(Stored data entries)

[Start of Attachment]

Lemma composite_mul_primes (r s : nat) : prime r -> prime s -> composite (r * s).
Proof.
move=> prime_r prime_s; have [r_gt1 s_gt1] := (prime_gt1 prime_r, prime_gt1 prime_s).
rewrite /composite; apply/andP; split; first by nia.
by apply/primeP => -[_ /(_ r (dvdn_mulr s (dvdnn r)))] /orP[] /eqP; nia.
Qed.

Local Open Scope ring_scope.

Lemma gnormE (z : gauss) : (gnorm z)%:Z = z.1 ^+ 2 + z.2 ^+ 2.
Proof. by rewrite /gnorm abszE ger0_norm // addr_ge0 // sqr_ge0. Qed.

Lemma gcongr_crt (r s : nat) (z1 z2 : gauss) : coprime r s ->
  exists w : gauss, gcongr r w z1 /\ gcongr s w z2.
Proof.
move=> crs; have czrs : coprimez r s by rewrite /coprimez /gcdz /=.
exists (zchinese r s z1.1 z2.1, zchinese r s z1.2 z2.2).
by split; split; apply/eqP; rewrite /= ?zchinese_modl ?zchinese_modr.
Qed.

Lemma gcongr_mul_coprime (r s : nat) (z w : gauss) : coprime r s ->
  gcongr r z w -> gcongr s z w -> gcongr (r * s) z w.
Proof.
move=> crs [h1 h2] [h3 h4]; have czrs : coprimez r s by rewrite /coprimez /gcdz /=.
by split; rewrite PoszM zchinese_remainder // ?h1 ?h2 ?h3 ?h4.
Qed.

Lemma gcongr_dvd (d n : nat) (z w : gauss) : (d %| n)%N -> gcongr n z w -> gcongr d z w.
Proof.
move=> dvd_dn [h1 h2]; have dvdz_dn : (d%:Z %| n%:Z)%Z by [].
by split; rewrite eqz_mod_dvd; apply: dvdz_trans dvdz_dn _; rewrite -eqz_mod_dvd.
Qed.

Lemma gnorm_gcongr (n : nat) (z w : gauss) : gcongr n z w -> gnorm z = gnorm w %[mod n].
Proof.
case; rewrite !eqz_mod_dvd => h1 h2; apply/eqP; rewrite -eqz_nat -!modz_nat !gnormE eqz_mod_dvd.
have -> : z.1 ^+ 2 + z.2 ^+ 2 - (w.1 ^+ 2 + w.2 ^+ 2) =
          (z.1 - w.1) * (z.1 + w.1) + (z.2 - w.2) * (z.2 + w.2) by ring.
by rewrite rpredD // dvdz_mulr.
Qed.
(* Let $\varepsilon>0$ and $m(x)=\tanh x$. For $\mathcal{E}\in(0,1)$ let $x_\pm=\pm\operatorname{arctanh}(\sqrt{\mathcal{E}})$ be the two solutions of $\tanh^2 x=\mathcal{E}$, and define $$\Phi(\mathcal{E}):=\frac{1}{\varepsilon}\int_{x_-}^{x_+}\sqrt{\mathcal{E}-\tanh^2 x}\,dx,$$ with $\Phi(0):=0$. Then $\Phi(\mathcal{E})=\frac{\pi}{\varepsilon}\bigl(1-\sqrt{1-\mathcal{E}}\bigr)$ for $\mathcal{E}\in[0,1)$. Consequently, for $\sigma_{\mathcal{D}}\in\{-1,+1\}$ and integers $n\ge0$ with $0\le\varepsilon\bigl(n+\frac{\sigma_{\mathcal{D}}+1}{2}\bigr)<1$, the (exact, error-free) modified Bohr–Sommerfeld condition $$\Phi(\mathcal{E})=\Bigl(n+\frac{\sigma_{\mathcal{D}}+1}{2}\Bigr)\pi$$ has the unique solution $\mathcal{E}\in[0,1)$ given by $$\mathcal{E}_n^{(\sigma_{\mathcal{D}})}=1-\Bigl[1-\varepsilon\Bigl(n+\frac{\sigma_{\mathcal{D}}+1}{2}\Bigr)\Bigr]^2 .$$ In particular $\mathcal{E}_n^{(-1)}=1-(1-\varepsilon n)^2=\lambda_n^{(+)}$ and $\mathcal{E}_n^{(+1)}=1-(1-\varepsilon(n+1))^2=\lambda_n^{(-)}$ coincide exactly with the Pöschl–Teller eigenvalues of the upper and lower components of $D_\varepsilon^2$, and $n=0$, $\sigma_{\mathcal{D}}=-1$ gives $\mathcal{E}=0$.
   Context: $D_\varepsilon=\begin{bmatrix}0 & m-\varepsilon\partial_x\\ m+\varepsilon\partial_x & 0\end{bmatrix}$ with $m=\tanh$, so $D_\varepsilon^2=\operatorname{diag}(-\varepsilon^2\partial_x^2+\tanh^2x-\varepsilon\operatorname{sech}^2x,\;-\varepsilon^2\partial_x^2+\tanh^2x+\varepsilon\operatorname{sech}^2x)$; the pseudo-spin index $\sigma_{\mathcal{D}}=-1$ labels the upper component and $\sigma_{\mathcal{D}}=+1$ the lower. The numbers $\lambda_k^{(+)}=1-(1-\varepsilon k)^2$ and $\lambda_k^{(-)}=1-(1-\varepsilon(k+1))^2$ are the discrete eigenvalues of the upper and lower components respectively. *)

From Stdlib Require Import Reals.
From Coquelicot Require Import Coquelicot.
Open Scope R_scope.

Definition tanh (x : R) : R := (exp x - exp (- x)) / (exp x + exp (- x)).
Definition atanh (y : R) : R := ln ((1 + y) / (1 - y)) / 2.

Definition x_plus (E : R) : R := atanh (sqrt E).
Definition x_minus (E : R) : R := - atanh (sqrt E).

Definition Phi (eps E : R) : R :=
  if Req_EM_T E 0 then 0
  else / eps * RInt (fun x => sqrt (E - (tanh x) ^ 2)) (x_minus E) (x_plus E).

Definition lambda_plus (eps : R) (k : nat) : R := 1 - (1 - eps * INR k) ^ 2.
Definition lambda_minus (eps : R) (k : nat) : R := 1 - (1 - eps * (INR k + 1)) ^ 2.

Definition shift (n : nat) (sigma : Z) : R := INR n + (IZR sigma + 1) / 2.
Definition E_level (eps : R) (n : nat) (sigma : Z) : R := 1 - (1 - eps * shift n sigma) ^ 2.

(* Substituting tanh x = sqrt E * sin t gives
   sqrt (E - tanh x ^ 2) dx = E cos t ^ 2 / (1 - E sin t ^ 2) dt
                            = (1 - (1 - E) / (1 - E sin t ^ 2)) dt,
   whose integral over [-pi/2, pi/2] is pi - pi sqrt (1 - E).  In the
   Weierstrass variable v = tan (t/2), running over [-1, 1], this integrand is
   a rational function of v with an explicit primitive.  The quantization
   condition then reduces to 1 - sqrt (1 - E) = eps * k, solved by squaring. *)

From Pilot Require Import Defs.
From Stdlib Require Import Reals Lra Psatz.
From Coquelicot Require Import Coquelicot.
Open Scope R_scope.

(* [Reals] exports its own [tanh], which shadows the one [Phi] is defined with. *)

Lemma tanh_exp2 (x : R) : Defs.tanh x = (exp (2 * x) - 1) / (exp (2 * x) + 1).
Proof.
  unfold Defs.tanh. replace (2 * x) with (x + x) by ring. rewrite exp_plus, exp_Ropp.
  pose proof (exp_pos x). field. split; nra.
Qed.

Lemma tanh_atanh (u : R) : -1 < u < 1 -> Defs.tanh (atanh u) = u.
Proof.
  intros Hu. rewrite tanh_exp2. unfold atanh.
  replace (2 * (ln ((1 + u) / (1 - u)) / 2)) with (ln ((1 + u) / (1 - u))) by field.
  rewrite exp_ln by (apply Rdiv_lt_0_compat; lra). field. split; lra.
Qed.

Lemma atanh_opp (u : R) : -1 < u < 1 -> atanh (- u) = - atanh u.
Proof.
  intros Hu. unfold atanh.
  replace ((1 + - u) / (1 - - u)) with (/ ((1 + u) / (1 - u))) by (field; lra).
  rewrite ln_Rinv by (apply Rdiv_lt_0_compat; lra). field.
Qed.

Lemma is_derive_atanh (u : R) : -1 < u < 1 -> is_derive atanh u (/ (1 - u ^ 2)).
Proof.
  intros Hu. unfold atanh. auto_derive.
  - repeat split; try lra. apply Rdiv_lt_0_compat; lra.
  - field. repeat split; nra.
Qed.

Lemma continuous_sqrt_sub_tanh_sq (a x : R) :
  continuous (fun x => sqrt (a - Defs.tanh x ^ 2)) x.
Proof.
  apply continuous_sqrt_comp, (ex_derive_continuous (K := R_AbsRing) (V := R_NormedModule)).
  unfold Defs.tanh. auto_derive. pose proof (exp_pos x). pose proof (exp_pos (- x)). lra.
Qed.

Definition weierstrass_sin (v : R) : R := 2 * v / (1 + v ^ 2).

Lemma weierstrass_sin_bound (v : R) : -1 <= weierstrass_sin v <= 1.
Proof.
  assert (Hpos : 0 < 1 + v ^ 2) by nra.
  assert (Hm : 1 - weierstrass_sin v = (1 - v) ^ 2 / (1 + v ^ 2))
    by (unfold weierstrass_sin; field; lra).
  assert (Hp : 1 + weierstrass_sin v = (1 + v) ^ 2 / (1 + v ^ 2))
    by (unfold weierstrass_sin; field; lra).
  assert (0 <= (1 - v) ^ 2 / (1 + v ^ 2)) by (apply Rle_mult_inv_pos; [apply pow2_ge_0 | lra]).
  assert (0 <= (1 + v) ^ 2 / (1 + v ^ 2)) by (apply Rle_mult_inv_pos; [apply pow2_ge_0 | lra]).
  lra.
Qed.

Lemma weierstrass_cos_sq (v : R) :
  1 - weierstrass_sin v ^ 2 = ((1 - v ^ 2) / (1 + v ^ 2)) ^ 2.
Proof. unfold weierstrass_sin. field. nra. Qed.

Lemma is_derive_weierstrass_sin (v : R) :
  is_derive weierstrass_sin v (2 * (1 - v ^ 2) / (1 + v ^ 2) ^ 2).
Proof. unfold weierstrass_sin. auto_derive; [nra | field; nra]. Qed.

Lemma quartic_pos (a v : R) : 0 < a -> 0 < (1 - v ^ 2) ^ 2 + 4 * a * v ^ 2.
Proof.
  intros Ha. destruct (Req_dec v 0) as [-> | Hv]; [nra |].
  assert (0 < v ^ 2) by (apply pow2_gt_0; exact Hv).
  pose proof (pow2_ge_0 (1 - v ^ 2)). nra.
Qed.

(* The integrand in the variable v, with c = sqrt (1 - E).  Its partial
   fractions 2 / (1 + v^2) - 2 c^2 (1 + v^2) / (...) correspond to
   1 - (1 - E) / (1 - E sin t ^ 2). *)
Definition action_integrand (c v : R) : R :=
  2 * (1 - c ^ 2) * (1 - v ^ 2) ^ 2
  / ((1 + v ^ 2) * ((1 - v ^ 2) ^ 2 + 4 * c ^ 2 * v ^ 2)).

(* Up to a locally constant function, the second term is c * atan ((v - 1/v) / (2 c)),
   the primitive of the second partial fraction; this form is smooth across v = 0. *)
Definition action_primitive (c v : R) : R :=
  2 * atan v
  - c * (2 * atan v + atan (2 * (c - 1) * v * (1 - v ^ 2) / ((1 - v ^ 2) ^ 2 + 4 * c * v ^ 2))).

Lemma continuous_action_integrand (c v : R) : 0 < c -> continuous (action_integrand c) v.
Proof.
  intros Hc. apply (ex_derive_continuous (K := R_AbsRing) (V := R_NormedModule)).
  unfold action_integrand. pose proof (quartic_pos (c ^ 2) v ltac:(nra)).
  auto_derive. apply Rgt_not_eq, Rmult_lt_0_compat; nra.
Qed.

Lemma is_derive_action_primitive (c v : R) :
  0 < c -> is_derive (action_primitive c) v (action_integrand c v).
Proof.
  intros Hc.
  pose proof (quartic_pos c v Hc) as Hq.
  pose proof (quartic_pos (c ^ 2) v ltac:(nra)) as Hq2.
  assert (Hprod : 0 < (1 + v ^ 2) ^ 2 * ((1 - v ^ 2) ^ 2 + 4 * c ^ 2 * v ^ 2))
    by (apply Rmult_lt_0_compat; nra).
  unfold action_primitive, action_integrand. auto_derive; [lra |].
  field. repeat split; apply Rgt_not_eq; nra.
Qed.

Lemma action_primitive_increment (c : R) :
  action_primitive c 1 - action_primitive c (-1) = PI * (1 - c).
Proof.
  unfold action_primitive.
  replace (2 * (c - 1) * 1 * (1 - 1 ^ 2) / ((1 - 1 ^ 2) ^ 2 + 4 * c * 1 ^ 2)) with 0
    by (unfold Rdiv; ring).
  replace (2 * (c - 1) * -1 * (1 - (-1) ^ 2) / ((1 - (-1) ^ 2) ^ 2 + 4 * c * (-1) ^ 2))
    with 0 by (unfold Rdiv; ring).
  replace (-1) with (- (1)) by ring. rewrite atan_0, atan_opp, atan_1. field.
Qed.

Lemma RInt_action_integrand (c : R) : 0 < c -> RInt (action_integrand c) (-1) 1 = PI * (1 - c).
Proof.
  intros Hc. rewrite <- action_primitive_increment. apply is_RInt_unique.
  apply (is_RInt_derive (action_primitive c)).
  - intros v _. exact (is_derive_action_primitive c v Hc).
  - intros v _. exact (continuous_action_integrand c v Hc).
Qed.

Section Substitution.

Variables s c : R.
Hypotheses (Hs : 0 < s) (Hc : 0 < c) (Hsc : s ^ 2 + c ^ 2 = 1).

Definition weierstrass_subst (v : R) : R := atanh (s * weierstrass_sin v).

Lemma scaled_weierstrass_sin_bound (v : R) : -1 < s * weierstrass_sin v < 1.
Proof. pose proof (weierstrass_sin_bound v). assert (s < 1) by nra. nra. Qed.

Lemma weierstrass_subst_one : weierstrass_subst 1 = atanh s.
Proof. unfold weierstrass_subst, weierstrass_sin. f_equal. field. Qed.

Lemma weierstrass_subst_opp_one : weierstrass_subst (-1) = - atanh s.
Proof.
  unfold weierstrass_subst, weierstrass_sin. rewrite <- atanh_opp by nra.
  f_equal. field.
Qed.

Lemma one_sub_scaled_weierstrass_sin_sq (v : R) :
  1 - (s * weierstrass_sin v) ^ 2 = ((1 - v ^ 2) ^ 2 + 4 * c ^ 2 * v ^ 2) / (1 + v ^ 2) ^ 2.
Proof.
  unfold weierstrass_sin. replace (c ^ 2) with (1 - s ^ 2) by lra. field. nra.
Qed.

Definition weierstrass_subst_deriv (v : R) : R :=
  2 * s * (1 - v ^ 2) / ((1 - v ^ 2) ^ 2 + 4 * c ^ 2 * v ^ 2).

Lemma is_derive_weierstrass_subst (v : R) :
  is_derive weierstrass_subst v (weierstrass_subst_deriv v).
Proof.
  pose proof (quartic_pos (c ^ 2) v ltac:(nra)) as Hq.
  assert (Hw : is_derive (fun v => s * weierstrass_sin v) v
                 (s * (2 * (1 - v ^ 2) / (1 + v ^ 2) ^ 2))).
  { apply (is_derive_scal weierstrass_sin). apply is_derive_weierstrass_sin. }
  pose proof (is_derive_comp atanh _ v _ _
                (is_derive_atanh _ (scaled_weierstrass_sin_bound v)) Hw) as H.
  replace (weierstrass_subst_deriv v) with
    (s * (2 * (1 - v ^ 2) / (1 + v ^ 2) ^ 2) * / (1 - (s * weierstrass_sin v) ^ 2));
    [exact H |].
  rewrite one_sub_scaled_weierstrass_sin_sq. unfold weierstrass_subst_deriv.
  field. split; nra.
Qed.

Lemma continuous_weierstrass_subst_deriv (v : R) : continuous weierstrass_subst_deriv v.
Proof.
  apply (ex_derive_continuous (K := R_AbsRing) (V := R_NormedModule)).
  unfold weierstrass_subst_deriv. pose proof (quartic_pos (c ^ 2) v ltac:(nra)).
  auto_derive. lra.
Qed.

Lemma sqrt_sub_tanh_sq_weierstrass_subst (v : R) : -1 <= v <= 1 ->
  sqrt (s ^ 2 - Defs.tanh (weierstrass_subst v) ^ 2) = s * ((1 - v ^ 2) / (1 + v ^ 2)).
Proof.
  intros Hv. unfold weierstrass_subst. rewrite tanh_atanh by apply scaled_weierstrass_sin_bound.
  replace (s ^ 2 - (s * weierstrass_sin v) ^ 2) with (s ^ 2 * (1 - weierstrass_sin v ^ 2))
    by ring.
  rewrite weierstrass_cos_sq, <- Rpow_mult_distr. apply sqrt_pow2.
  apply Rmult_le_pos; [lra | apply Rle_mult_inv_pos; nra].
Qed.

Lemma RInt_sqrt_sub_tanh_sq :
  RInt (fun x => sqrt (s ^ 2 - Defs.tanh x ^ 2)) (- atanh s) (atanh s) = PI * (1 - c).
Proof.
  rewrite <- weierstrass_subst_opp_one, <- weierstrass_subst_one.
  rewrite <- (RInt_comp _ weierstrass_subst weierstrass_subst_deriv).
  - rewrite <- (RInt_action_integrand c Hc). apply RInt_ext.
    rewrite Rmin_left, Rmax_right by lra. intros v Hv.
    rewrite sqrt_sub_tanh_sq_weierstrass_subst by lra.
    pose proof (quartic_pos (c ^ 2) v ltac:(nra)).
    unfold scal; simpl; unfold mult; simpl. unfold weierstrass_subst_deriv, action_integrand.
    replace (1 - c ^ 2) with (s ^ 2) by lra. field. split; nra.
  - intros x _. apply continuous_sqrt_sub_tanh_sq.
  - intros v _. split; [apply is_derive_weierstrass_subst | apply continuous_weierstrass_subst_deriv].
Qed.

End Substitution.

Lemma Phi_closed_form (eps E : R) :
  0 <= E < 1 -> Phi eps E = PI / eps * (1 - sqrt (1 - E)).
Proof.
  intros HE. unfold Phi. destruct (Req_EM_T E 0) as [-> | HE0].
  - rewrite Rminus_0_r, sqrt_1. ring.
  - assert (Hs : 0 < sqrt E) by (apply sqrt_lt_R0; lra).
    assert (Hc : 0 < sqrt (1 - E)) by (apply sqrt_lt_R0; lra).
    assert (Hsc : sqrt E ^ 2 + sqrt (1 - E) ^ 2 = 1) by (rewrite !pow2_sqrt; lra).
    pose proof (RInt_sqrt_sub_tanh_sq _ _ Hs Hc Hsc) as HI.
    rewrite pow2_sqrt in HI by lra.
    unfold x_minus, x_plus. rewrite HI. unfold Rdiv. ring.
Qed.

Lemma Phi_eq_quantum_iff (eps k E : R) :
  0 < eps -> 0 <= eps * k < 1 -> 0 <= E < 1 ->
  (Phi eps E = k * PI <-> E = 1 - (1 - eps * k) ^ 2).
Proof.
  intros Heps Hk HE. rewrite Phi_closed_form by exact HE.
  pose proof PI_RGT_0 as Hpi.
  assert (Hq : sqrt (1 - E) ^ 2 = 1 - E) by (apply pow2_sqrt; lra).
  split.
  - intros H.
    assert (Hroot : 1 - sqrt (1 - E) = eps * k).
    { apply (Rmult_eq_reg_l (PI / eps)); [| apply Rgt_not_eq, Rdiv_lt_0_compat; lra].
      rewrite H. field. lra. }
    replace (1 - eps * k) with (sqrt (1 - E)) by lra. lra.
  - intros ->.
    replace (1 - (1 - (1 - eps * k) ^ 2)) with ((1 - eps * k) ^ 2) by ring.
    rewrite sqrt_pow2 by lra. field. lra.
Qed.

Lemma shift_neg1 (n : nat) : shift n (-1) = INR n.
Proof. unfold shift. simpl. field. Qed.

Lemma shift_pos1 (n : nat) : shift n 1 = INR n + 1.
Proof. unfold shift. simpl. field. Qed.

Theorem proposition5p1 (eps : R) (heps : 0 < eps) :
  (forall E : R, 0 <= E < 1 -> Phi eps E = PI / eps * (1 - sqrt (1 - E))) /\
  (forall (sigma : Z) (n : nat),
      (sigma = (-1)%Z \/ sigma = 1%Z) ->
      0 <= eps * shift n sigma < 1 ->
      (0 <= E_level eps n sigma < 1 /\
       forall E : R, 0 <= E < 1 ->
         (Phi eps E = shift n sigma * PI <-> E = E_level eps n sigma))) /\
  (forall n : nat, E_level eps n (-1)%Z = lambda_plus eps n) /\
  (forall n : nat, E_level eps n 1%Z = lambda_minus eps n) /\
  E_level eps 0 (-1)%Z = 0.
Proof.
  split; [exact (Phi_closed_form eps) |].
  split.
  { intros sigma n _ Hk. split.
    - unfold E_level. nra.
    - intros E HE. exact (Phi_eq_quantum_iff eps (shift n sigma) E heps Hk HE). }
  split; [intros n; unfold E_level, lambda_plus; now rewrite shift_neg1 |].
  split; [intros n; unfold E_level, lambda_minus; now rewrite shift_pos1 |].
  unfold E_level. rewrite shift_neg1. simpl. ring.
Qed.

[End of Attachment]

- [EXERCISE INSTRUCTIONS]:
If a line falls between the first line of the entries and the line containing "exists (zchinese r", or is one of those two, restate it word for word; leave all other lines out.

- [SOLVED EXERCISE]:
Lemma composite_mul_primes (r s : nat) : prime r -> prime s -> composite (r * s).
Proof.
move=> prime_r prime_s; have [r_gt1 s_gt1] := (prime_gt1 prime_r, prime_gt1 prime_s).
rewrite /composite; apply/andP; split; first by nia.
by apply/primeP => -[_ /(_ r (dvdn_mulr s (dvdnn r)))] /orP[] /eqP; nia.
Qed.

Local Open Scope ring_scope.

Lemma gnormE (z : gauss) : (gnorm z)%:Z = z.1 ^+ 2 + z.2 ^+ 2.
Proof. by rewrite /gnorm abszE ger0_norm // addr_ge0 // sqr_ge0. Qed.

Lemma gcongr_crt (r s : nat) (z1 z2 : gauss) : coprime r s ->
  exists w : gauss, gcongr r w z1 /\ gcongr s w z2.
Proof.
move=> crs; have czrs : coprimez r s by rewrite /coprimez /gcdz /=.
exists (zchinese r s z1.1 z2.1, zchinese r s z1.2 z2.2).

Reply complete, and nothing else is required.